Досталось — еще не осталось! — строго произнес Вещун. Повернулся и пошел прочь. Потом внезапно оглянулся: — Ты бы, чужестранец, отдал поклон сибирской природе.

Я не друид — траве кланяться, моя вера — правая, самая верная и на прочном камне стоит. Перекрестить тебя за мое скорое предупреждение — могу. Верой моей так разрешено. А не разрешено — языческие поклоны развешивать… Озерам да камням. Да и за что?

За то, что спасла тебя наша природа от неминучей погибели. Но раз ты не умеешь сложить в уме простые вещи, то не кланяйся. Но потом — меня ты вспомнишь. И не раз. И природе нашей — еще поклонишься…

***

До вечера, падая с ног от усталости и без потребной жратвы, люди наладили обоз, сложив на особые, отдельные телеги, под солдатской охраной, все добро, добытое у покойника. Лошадей и повозок теперь не хватало.

Два раза объехав обоз, наблюдая готовность, князь заметил, что Баальник складывает свою поклажу в повозку Вещуна, высвобождая свою под общинную поклажу. Князь крикнул Егера. Но тот, как оказалось, уже освободил три повозки из пяти, занятые княжеской поклажей, казной и шабольем для сна и сменной одежи.

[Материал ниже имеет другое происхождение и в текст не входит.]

Lemma Pr_union (I : finType) (P : pred I) (ev : event) (E : I -> event) :
  (forall c y, ev c y -> exists i, P i /\ E i c y) ->
  Pr w ev <= \big[Rplus/0]_(i | P i) Pr w (E i).
Proof.
move=> H; rewrite /Pr [X in _ <= X]exchange_big /=.
apply: sumR_le => c _; rewrite [X in _ <= X]exchange_big /=; apply: sumR_le => y _.
have w0 := weight_ge0 c y.
have terms_ge0 : forall Q, 0 <= \big[Rplus/0]_(j | Q j) (pcb c * pch w c y * ind (E j c y)).
  by move=> Q; apply: sumR_ge0 => j _; have := ind_01 (E j c y); nra.
have [h | h] := classic (ev c y); last by rewrite (ind_F h) Rmult_0_r.
have [i [Pi Ei]] := H c y h.
by rewrite (bigD1 i) //= ind_T // ind_T //; have := terms_ge0 (fun j => P j && (j != i)); lra.
Qed.

End Probability.

Section DecoderOutcomes.
Variables (S : mac) (HS : wf_mac S) (N : nat) (D : {set 'I_(nusers S)}).
Variables (RD : {set RV S}) (dec : Dec S N) (r : RV S) (w : MV N r).

Definition decodes (c : CB S N) (y : YN S N) : Prop :=
  exists e, dec c y = Some e /\ correctD D w e.

Definition misdecodes (c : CB S N) (y : YN S N) : Prop :=
  exists e, dec c y = Some e /\ ~ correctD D w e.

Lemma Pes_D_ge0 : 0 <= Pes_D D RD dec.
Proof. by apply: Rle_trans (Rmax_l _ _); apply: bigmax_ge0. Qed.

Lemma Pr_fail_le_Pes_D : r \in RD -> Pr w (fun c y => ~ decodes c y) <= Pes_D D RD dec.
Proof.
move=> hr; apply: Rle_trans (Rmax_l _ _).
apply: Rle_trans (bigmax_ub (P := fun r => r \in RD) _ hr).
exact: Rle_trans (Rle_refl _) (bigmax_ub _ (isT : xpredT w)).
Qed.

(* Outside R_D, collision, correct and wrong outputs are exclusive, so a
   wrong output costs at most P_es(D,R_D). *)
Lemma Pr_wrong_le_Pes_D : r \notin RD -> Pr w misdecodes <= Pes_D D RD dec.
Proof.
move=> hr; apply: Rle_trans (Rmax_r _ _).
apply: Rle_trans (bigmax_ub (P := fun r => r \notin RD) _ hr).
apply: Rle_trans (bigmax_ub _ (isT : xpredT w)); rewrite -/decodes.
suff : Pr w (fun c y => dec c y = None) + Pr w decodes + Pr w misdecodes <= 1 by lra.
apply: (Pr_sum3_le HS) => c y; apply: ind_exclusive3.
- by move=> h [e [h' _]]; rewrite h in h'.
- by move=> h [e [h' _]]; rewrite h in h'.
- by move=> [e [h ce]] [e' [h' nce]]; rewrite h in h'; case: h' => <- in nce.
Qed.

End DecoderOutcomes.

Section SingleUser.
Variables (S : mac) (N : nat) (k : 'I_(nusers S)).
Variables (decs : {set 'I_(nusers S)} -> Dec S N) (c : CB S N) (y : YN S N).

Lemma su_decP (v : MR N k) :
  su_dec k decs c y = Some v <->
  (exists (D : {set 'I_(nusers S)}) e, k \in D /\ decs D c y = Some e) /\
  (forall (D : {set 'I_(nusers S)}) e, k \in D -> decs D c y = Some e -> e k = v).
Proof.
rewrite /su_dec; case: excluded_middle_informative => [H | H]; last first.
  by split => // hv; case: H; exists v.
case: (constructive_indefinite_description _ H) => v' /= [[D [e [kD he]]] Hv'].
split; first by case=> <-; split; [exists D, e | ].
by case=> _ Hv; rewrite -(Hv' D e kD he) (Hv D e kD he).
Qed.

Lemma su_dec_wrong (r : RV S) (w : MV N r) (v : MR N k) :
  su_dec k decs c y = Some v -> v <> truth w k ->
  exists D : {set 'I_(nusers S)}, k \in D /\ misdecodes D (decs D) w c y.
Proof.
case/su_decP=> [[D [e [kD he]]] Hv] nv; exists D; split => //.
by exists e; split => // ce; apply: nv; rewrite -(Hv D e kD he); apply: ce.
Qed.

Lemma su_dec_error_event (RD : {set 'I_(nusers S)} -> {set RV S}) (r : RV S)
    (w : MV N r) (D0 : {set 'I_(nusers S)}) :
  k \in D0 -> r \in RD D0 -> su_dec k decs c y <> Some (truth w k) ->
  exists D : {set 'I_(nusers S)}, k \in D /\ (if r \in RD D then ~ decodes D (decs D) w c y
                       else misdecodes D (decs D) w c y).
Proof.
move=> kD0 hr0 herr; apply: NNPP => Hgood; apply: herr.
have ok : forall D : {set 'I_(nusers S)}, k \in D -> ~ (if r \in RD D then ~ decodes D (decs D) w c y
                                  else misdecodes D (decs D) w c y).
  by move=> D kD hb; apply: Hgood; exists D.
have := ok D0 kD0; rewrite hr0 => /NNPP [e0 [he0 _]].
apply/su_decP; split; first by exists D0, e0.
move=> D e kD he; have := ok D kD; case: (r \in RD D).
  by move=> /NNPP [e' [he' ce']]; rewrite he in he'; case: he' => ->; apply: ce'.
by move=> nb; apply: NNPP => ne; apply: nb; exists e; split => // ce; apply/ne/ce.
Qed.

End SingleUser.

Lemma Pes_su_union_bound (S : mac) (HS : wf_mac S) (N : nat) (k : 'I_(nusers S))
    (Rop : {set RV S}) (RD : {set 'I_(nusers S)} -> {set RV S})
    (decs : {set 'I_(nusers S)} -> Dec S N) :
  partition_of k Rop RD ->
  Pes_su Rop (su_dec k decs) <=
    \big[Rplus/0]_(D : {set 'I_(nusers S)} | k \in D) Pes_D D (RD D) (decs D).
Proof.
move=> [Hcover _].
set Sum := \big[Rplus/0]_(D : {set 'I_(nusers S)} | k \in D) _.
have Sum0 : 0 <= Sum by apply: sumR_ge0 => D _; apply: Pes_D_ge0.
apply: Rmax_lub; apply: bigmax_le => // r hr; apply: bigmax_le => // w _.
  have [D0 [kD0 hr0]] := proj1 (Hcover r) hr.
  apply: Rle_trans (Pr_union HS w (fun c y => su_dec_error_event (c := c) (y := y) kD0 hr0)) _.
  apply: sumR_le => D kD; case: (boolP (r \in RD D)) => hD.
  - exact: Pr_fail_le_Pes_D.
  - exact: (Pr_wrong_le_Pes_D HS).
have out : forall D : {set 'I_(nusers S)}, k \in D -> r \notin RD D.
  by move=> D kD; apply/negP => h; move/negP: hr; apply; apply/Hcover; exists D.
pose wrong c y := exists v, su_dec k decs c y = Some v /\ v <> truth w k.
have cover : 1 <= Pr w (fun c y => su_dec k decs c y = None)
                  + Pr w (fun c y => su_dec k decs c y = Some (truth w k)) + Pr w wrong.
  apply: (Pr_sum3_ge HS) => c y; apply: ind_cover3; rewrite /wrong.
  case: (su_dec k decs c y) => [v|]; last by left.
  by have [->|nv] := classic (v = truth w k); [right; left | right; right; exists v].
have union : Pr w wrong <= Sum.
  apply: Rle_trans (Pr_union HS w (E := fun D => misdecodes D (decs D) w) _) _.
    by move=> c y [v [hv nv]]; apply: su_dec_wrong hv nv.
  by apply: sumR_le => D kD; apply: (Pr_wrong_le_Pes_D HS); apply: out.
lra.
Qed.

(* Every operation region admits a partition: put it all in the cell {k}. *)
Lemma partition_singleton (S : mac) (k : 'I_(nusers S)) (Rop : {set RV S}) :
  partition_of k Rop (fun D => if D == [set k] then Rop else set0).
Proof.
split.
  move=> r; split; first by move=> hr; exists [set k]; rewrite eqxx set11.
  by case=> D [_]; case: eqP => // _; rewrite in_set0.
move=> D D' _ _ ne; apply/pred0P => x /=.
case: eqP => [eD|_]; case: eqP => [eD'|_]; rewrite ?in_set0 ?andbF //.
by case: ne; rewrite eD eD'.
Qed.

(* Partitions can be tabulated as finite functions, over which we minimise. *)
Lemma partition_of_ffun (S : mac) (k : 'I_(nusers S)) (Rop : {set RV S})
    (RD : {set 'I_(nusers S)} -> {set RV S}) :
  partition_of k Rop RD -> partition_of k Rop [ffun D => RD D].
Proof.
suff -> : fun_of_fin [ffun D => RD D] = RD by [].
by apply: functional_extensionality => D; rewrite ffunE.
Qed.

Theorem theorem3 (S : mac) (HS : wf_mac S) (N : nat) (k : 'I_(nusers S))
    (Rop : {set RV S}) :
  (* union bound for the single-user decoder built from any decoders *)
  (forall (RD : {set 'I_(nusers S)} -> {set RV S})
          (decs : {set 'I_(nusers S)} -> Dec S N),
     partition_of k Rop RD ->
     Pes_su Rop (su_dec k decs) <=
       \big[Rplus/0]_(D : {set 'I_(nusers S)} | k \in D) Pes_D D (RD D) (decs D))
  /\
  (* consequence, given the achievability of beta by (D,R_D)-decoders *)
  ((forall (D : {set 'I_(nusers S)}) (RD : {set RV S}),
      k \in D -> exists dec : Dec S N, Pes_D D RD dec <= beta N D RD) ->
   exists (RD0 : {set 'I_(nusers S)} -> {set RV S})
          (decs : {set 'I_(nusers S)} -> Dec S N),
     partition_of k Rop RD0 /\
     forall RD : {set 'I_(nusers S)} -> {set RV S},
       partition_of k Rop RD ->
       Pes_su Rop (su_dec k decs) <=
         \big[Rplus/0]_(D : {set 'I_(nusers S)} | k \in D) beta N D (RD D)).
Proof.
split=> [RD decs | achieve]; first exact: Pes_su_union_bound.
pose sigma := {ffun {set 'I_(nusers S)} -> {set RV S}}.
pose bound (RD : {set 'I_(nusers S)} -> {set RV S}) :=
  \big[Rplus/0]_(D : {set 'I_(nusers S)} | k \in D) beta N D (RD D).
have [m [Pm m_min]] := @exists_min sigma (fun f => partition_of k Rop f)
  (fun f => bound f) [ffun D => if D == [set k] then Rop else set0]
  (partition_of_ffun (partition_singleton k Rop)).
have [decs Hdecs] : exists decs : {set 'I_(nusers S)} -> Dec S N,
    forall D : {set 'I_(nusers S)}, k \in D -> Pes_D D (m D) (decs D) <= beta N D (m D).
  apply: (choice (fun (D : {set 'I_(nusers S)}) (dec : Dec S N) => k \in D -> Pes_D D (m D) dec <= beta N D (m D))) => D.
  have [kD | nkD] := boolP (k \in D); last by exists (fun _ _ => None).
  by have [dec Hdec] := achieve D (m D) kD; exists dec.
exists m, decs; split=> // RD HRD.
apply: Rle_trans (Pes_su_union_bound HS decs Pm) _.
apply: Rle_trans (sumR_le Hdecs) _.
have /m_min := partition_of_ffun HRD.
by rewrite /bound; under [X in _ <= X -> _]eq_bigr do rewrite ffunE.
Qed.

Джунгары, видя намерения князя, оставили занятой только повозку Акмурзы. Своих двадцать большеколесных арб они отдали в обоз.

Вагенбурги не трогали, пусть их.

Наконец наладилось.

Вечерело. Над остатком кургана, над обозом пролетел холодный ветерок с реки.

Князь достал демидовский двуствольный пистоль и дал дуплет. Обоз под щелканье бичей тронулся.

Не успели отъехать и на полверсты, как сильно потянуло смолистой гарью. Потом там, у кургана, появился заметный в сумерках серый дымок. Он быстро загустел. Стали отрываться к небу языки пламени с обрывками копоти.

Вослед обозу сильно и сладко потянуло горелым мясом.

Это над могилой русских, павших при обороне курганного дела, доверенные и не языкастые люди Егера подожгли переложенные смолистыми бревнами около полутысячи трупов погибших в набеге кощиев.

Огонь вдруг метнул языки пламени в полнеба. Светом облило далекие горы.

Враг должен знать, до какого предела могут дойти русские, зашедшие в эту страну по своим делам, но тронутые подлым нападением.

Кто-то в обозе понял, что горит. Слезливо ахнул.

— Пошли вперед! Вперед! — рявкнул невидимый в темноте князь Гарусов. — Вперед! Русские от дыма только крепчают!

Глава 25

Весть о поражении разбойных кочевников, посланных наместником Императора провинции Куинг-Дао вырезать урусов с земель данников Срединного царства, дошла к высочайшему и многомудрому Дань-Тинь-Линю как принято было — на шестой день после битвы при кургане Нигирек.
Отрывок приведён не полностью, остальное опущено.